Distance settings, Voronoi type, and order
Changing the Distance Method parameter changes how distance will be calculated. Selecting the Planar option make the tool to be sensitive to projection choice and scale, while the Geodesic option allows the tool perform calculations that are stable across large extents. Changing the Distance Unit parameter scales the numeric distance values and, therefore, affects weighted and custom expressions that combine distance with attribute terms. Using consistent units is essential for interpretable weighting. Changing the Voronoi Type parameter changes how site attributes compete with distance. Increasing the Voronoi Order parameter value shifts the allocation to less-preferred sites. Use the Voronoi Combination parameter to change whether the output represents only that rank or a cumulative set of ranks up to it.
Potential applications
Some potential applications for this tool include:
Urban and regional planning—Partition service areas based on facility capacity, such as assigning neighborhoods to schools, libraries, or public service centers while accounting for site size or staffing. Higher-order outputs support redundancy planning for overflow scenarios.

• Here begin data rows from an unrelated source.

Lemma satisfiesE (s : assignment) : satisfies phi s = (unsat s == set0).
Proof.
apply/forallP/eqP => [sat_s | /setP unsat0 i].
  by apply/setP => i; rewrite in_unsat sat_s in_set0.
by have := unsat0 i; rewrite in_unsat in_set0 => /negbFE.
Qed.

Lemma eq_in_clause_sat (s t : assignment) i :
  {in cvars i, s =1 t} -> clause_sat phi s i = clause_sat phi t i.
Proof.
move=> eq_st; apply: eq_in_has => -[z b] zb.
by rewrite /lit_true /= eq_st //; apply/cvarsP; exists b.
Qed.

Lemma unsat_lit (s : assignment) i z b : i \in unsat s -> (z, b) \in (phi i : seq _) -> s z = ~~ b.
Proof.
by rewrite in_unsat => /hasPn lits_false /lits_false; rewrite /lit_true /=; case: (s z); case: b.
Qed.

Lemma cvars_neq0 i : cvars i != set0.
Proof.
apply/set0Pn; exists (tnth (phi i) (Ordinal k_gt0)).1; apply/cvarsP.
by exists (tnth (phi i) (Ordinal k_gt0)).2; rewrite -surjective_pairing mem_tnth.
Qed.

Lemma card_cvars i : #|cvars i| = k.
Proof.
rewrite -[RHS](size_tuple (phi i)) -(size_map fst) -(card_uniqP (kcnf i)).
by apply: eq_card => z; apply/cvarsP/mapP => [[b zb]|[[y b] yb ->]]; [exists (z, b) | exists b].
Qed.

Definition falsifier i : assignment := [ffun z => (z, false) \in (phi i : seq _)].

Lemma falsifier_unsat i : i \in unsat (falsifier i).
Proof.
rewrite in_unsat; apply/hasPn => -[z [|]] zb; rewrite /lit_true ffunE /=; last by rewrite zb.
by apply/negP => /eqP zf; have [] := uniq_map_inj_in (kcnf i) zb zf erefl.
Qed.

Lemma unsat_disjoint (s : assignment) i j : i \in unsat s -> j \in unsat s -> i != j ->
  [disjoint cvars i & cvars j].
Proof.
move=> i_unsat j_unsat neq_ij; apply/negPn/negP; rewrite -setI_eq0 => /set0Pn[z].
rewrite inE => /andP[zi zj].
have [y [b [yb_i ynb_j]]] := ext neq_ij (ex_intro _ z (introT andP (conj zi zj))).
by have := unsat_lit i_unsat yb_i; rewrite (unsat_lit j_unsat ynb_j) negbK; case: (b).
Qed.

Definition vars_of (J : {set 'I_m}) : {set 'I_n} := \bigcup_(i in J) cvars i.

Definition nbhd (J : {set 'I_m}) : {set 'I_m} :=
  [set j | [exists i in J, ~~ [disjoint cvars i & cvars j]]].

Definition far (J : {set 'I_m}) : {set 'I_m} := ~: nbhd J.

Lemma sub_nbhd (J : {set 'I_m}) : J \subset nbhd J.
Proof.
apply/subsetP => i iJ; rewrite inE; apply/existsP; exists i.
by rewrite iJ -setI_eq0 setIid cvars_neq0.
Qed.

Lemma setI_far (J : {set 'I_m}) : J :&: far J = set0.
Proof. by apply/eqP; rewrite /far -setDE setD_eq0 sub_nbhd. Qed.

Lemma in_nbhd1 u j : (j \in nbhd [set u]) = ~~ [disjoint cvars u & cvars j].
Proof.
rewrite inE; apply/existsP/idP => [[i /andP[/set1P -> //]] | dep_uj].
by exists u; rewrite set11.
Qed.

Lemma far_vars_of (J : {set 'I_m}) c : c \in far J -> [disjoint cvars c & vars_of J].
Proof.
rewrite !inE negb_exists => /forallP indep_c; rewrite -setI_eq0; apply/eqP/setP => z.
rewrite in_setI in_set0; apply/negP => /andP[zc /bigcupP[i iJ zi]].
move: (indep_c i); rewrite iJ negbK -setI_eq0 => /eqP/setP/(_ z).
by rewrite in_setI in_set0 zi zc.
Qed.

Lemma sub_unsatE (J : {set 'I_m}) (s X : assignment) : J \subset unsat s ->
  (J \subset unsat X) = [forall z in vars_of J, X z == s z].
Proof.
move=> /subsetP J_unsat_s; apply/subsetP/forall_inP => [J_unsat_X z | agreeJ i iJ].
  case/bigcupP => i iJ /cvarsP[b zb].
  by rewrite (unsat_lit (J_unsat_X i iJ) zb) (unsat_lit (J_unsat_s i iJ) zb).
rewrite in_unsat (@eq_in_clause_sat X s) -?in_unsat ?J_unsat_s // => z zi.
by apply/eqP/agreeJ/bigcupP; exists i.
Qed.

Lemma unsat_far_eq (J : {set 'I_m}) (X Y : assignment) :
  agree_off (vars_of J) X Y -> unsat X :&: far J = unsat Y :&: far J.
Proof.
move=> /agree_offP agreeXY; apply/setP => c; rewrite !in_setI.
case c_far: (c \in far J); rewrite ?andbF // !andbT !in_unsat.
congr negb; apply: eq_in_clause_sat => z zc; apply: agreeXY.
by rewrite (disjointFr (far_vars_of c_far) zc).
Qed.

Lemma unsat_decomp (J : {set 'I_m}) (X : assignment) : J \subset unsat X ->
  unsat X = J :|: (unsat X :&: far J).
Proof.
move=> /subsetP J_unsat; apply/setP => c; rewrite in_setU in_setI.
case cJ: (c \in J); first by rewrite J_unsat.
case c_unsat: (c \in unsat X) => //=; apply/esym; rewrite inE; apply/negP; rewrite inE.
case/existsP => i /andP[iJ dep_ic]; have neq_ic : i != c by apply: contraFneq cJ => <-.
by case/negP: dep_ic; apply: unsat_disjoint (J_unsat i iJ) c_unsat neq_ic.
Qed.

Lemma unsat_far (J : {set 'I_m}) (X : assignment) : J \subset unsat X ->
  unsat X :&: far J = unsat X :\: J.
Proof.
move=> J_unsat; rewrite {2}(unsat_decomp J_unsat) setDUl setDv set0U.
by apply/esym/setDidPl; rewrite -setI_eq0 -setIA [far J :&: J]setIC setI_far setI0.
Qed.

Definition overlay (W : {set 'I_n}) (s t : assignment) : assignment :=
  [ffun z => if z \in W then s z else t z].

Lemma agree_off_overlay W (s t : assignment) : agree_off W (overlay W s t) t.
Proof. by apply/agree_offP => z zW; rewrite ffunE (negbTE zW). Qed.

Lemma eq_overlay W (s t X : assignment) :
  (X == overlay W s t) = [forall z in W, X z == s z] && agree_off W t X.
Proof.
apply/eqP/andP => [-> | [/forall_inP agree_s /agree_offP agree_t]].
  split; first by apply/forall_inP => z zW; rewrite ffunE zW.
  by apply/agree_offP => z zW; rewrite ffunE (negbTE zW).
by apply/ffunP => z; rewrite ffunE; case: ifP => [/agree_s/eqP | /negbT/agree_t].
Qed.
Lemma boxsum_msub_l_le f j N : (forall m, 0 <= f m) ->
  boxsumR N (fun n => f (msub n j)) <= boxsumR (msize j + N) f.
Proof.
  intros Hf. unfold boxsum at 1.
  rewrite (sum_n_ext _ (fun a => sum_n (fun b =>
    f (- Z.of_nat N - fst j + Z.of_nat a, - Z.of_nat N - snd j + Z.of_nat b)%Z) (2 * N))).
  - apply boxsum_window_le; auto; unfold msize; lia.
  - intros a. apply sum_n_ext. intros b. unfold msub. f_equal. f_equal; simpl; lia.
Qed.

Lemma boxsum_switch N J (F : mode -> mode -> R) :
  boxsumR N (fun n => boxsumR J (F n)) = boxsumR J (fun j => boxsumR N (fun n => F n j)).
Proof.
  unfold boxsum.
  set (X := fun a b c d => F (Z.of_nat a - Z.of_nat N, Z.of_nat b - Z.of_nat N)%Z
                             (Z.of_nat c - Z.of_nat J, Z.of_nat d - Z.of_nat J)%Z).
  change (sum_n (fun a => sum_n (fun b => sum_n (fun c => sum_n (X a b c) (2*J)) (2*J)) (2*N)) (2*N)
    = sum_n (fun c => sum_n (fun d => sum_n (fun a => sum_n (fun b => X a b c d) (2*N)) (2*N)) (2*J)) (2*J)).
  transitivity (sum_n (fun a => sum_n (fun c => sum_n (fun b => sum_n (X a b c) (2*J)) (2*N)) (2*J)) (2*N)).
  { apply sum_n_ext; intros a. apply sum_n_switch. }
  rewrite sum_n_switch. apply sum_n_ext; intros c.
  transitivity (sum_n (fun a => sum_n (fun d => sum_n (fun b => X a b c d) (2*N)) (2*J)) (2*N)).
  { apply sum_n_ext; intros a. apply sum_n_switch. }
  apply sum_n_switch.
Qed.

Lemma is_lim_seq_boxsum (F : mode -> nat -> R) (l : mode -> R) N :
  (forall n, is_lim_seq (F n) (l n)) -> is_lim_seq (fun J => boxsumR N (fun n => F n J)) (boxsumR N l).
Proof.
  assert (Hsum : forall (G : nat -> nat -> R) (g : nat -> R) K, (forall k, is_lim_seq (G k) (g k)) ->
            is_lim_seq (fun J => sum_n (fun k => G k J) K) (sum_n g K)).
  { intros G g K HG. induction K as [|K IH].
    - apply (is_lim_seq_ext (G 0%nat)); [intros; now rewrite sum_O | now rewrite sum_O].
    - rewrite sum_n_Sn_r.
      apply (is_lim_seq_ext (fun J => sum_n (fun k => G k J) K + G (S K) J));
        [intros; now rewrite sum_n_Sn_r | now apply is_lim_seq_plus'].
  }
  intros H. unfold boxsum. apply Hsum. intros a. apply Hsum. intros b. apply H.
Qed.

Lemma is_derive_boxsum (F : R -> mode -> R) (D : mode -> R) x N :
  (forall n, is_derive (fun y => F y n) x (D n)) ->
  is_derive (fun y => boxsumR N (F y)) x (boxsumR N D).
Proof.
  intros H. unfold boxsum.
  apply (is_derive_sum_n (fun a y => sum_n (fun b =>
      F y (Z.of_nat a - Z.of_nat N, Z.of_nat b - Z.of_nat N)%Z) (2 * N))).
  intros a _.
  apply (is_derive_sum_n (fun b y => F y (Z.of_nat a - Z.of_nat N, Z.of_nat b - Z.of_nat N)%Z)).
  intros b _. apply H.
Qed.

End BoxSums.

Notation cv0 := (RtoC 0, RtoC 0).

Lemma modsq_nonneg n : 0 <= modsq n.
Proof. unfold modsq. nra. Qed.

Health care access and catchment modeling—Allocate population to clinics or hospitals, weighting by bed count, provider capacity, or specialty availability.
Emergency management and disaster response—Assign staging areas and resources where facility influence depends on equipment, staffing, or readiness. Second- or third-order allocations represent backup response sites when primary sites are unavailable.
Retail and market analytics—Delineate store trade areas using sales volume or revenue as weights, supporting competition analysis, market influence modeling, and territory planning. Larger stores exert greater pull beyond what distance alone predicts.
Environmental management and conservation—Allocate observation influence for sensor networks or sampling stations, where weights reflect sensor sensitivity or sampling intensity. This improves spatial partitioning for monitoring design.
Accessibility and equity analysis—Create allocation surfaces that incorporate both distance and capacity, enabling comparisons between closest facility and effective facility (closest under a capacity-adjusted influence model). This is particularly relevant for public services and mobility planning.
Additional references
Aurenhammer, F. (1987). Power diagrams: Properties, algorithms and applications. SIAM Journal on Computing, 16 (1), 78-96.
Aurenhammer, F., & Klein, R. (1996). Voronoi diagrams. FernUniversität, Fachbereich Informatik.
Boots, B. N. (1980). Weighting Thiessen polygons. Economic Geography, 56 (3), 248-259.
Lee, D. T., & Drysdale, R. L., III. (1981). Generalization of Voronoi diagrams in the plane. SIAM Journal on Computing, 10 (1), 73-87.
Okabe, A., Boots, B., Sugihara, K., & Chiu, S. N. (2009). Spatial tessellations: Concepts and applications of Voronoi diagrams (2nd ed.). Wiley.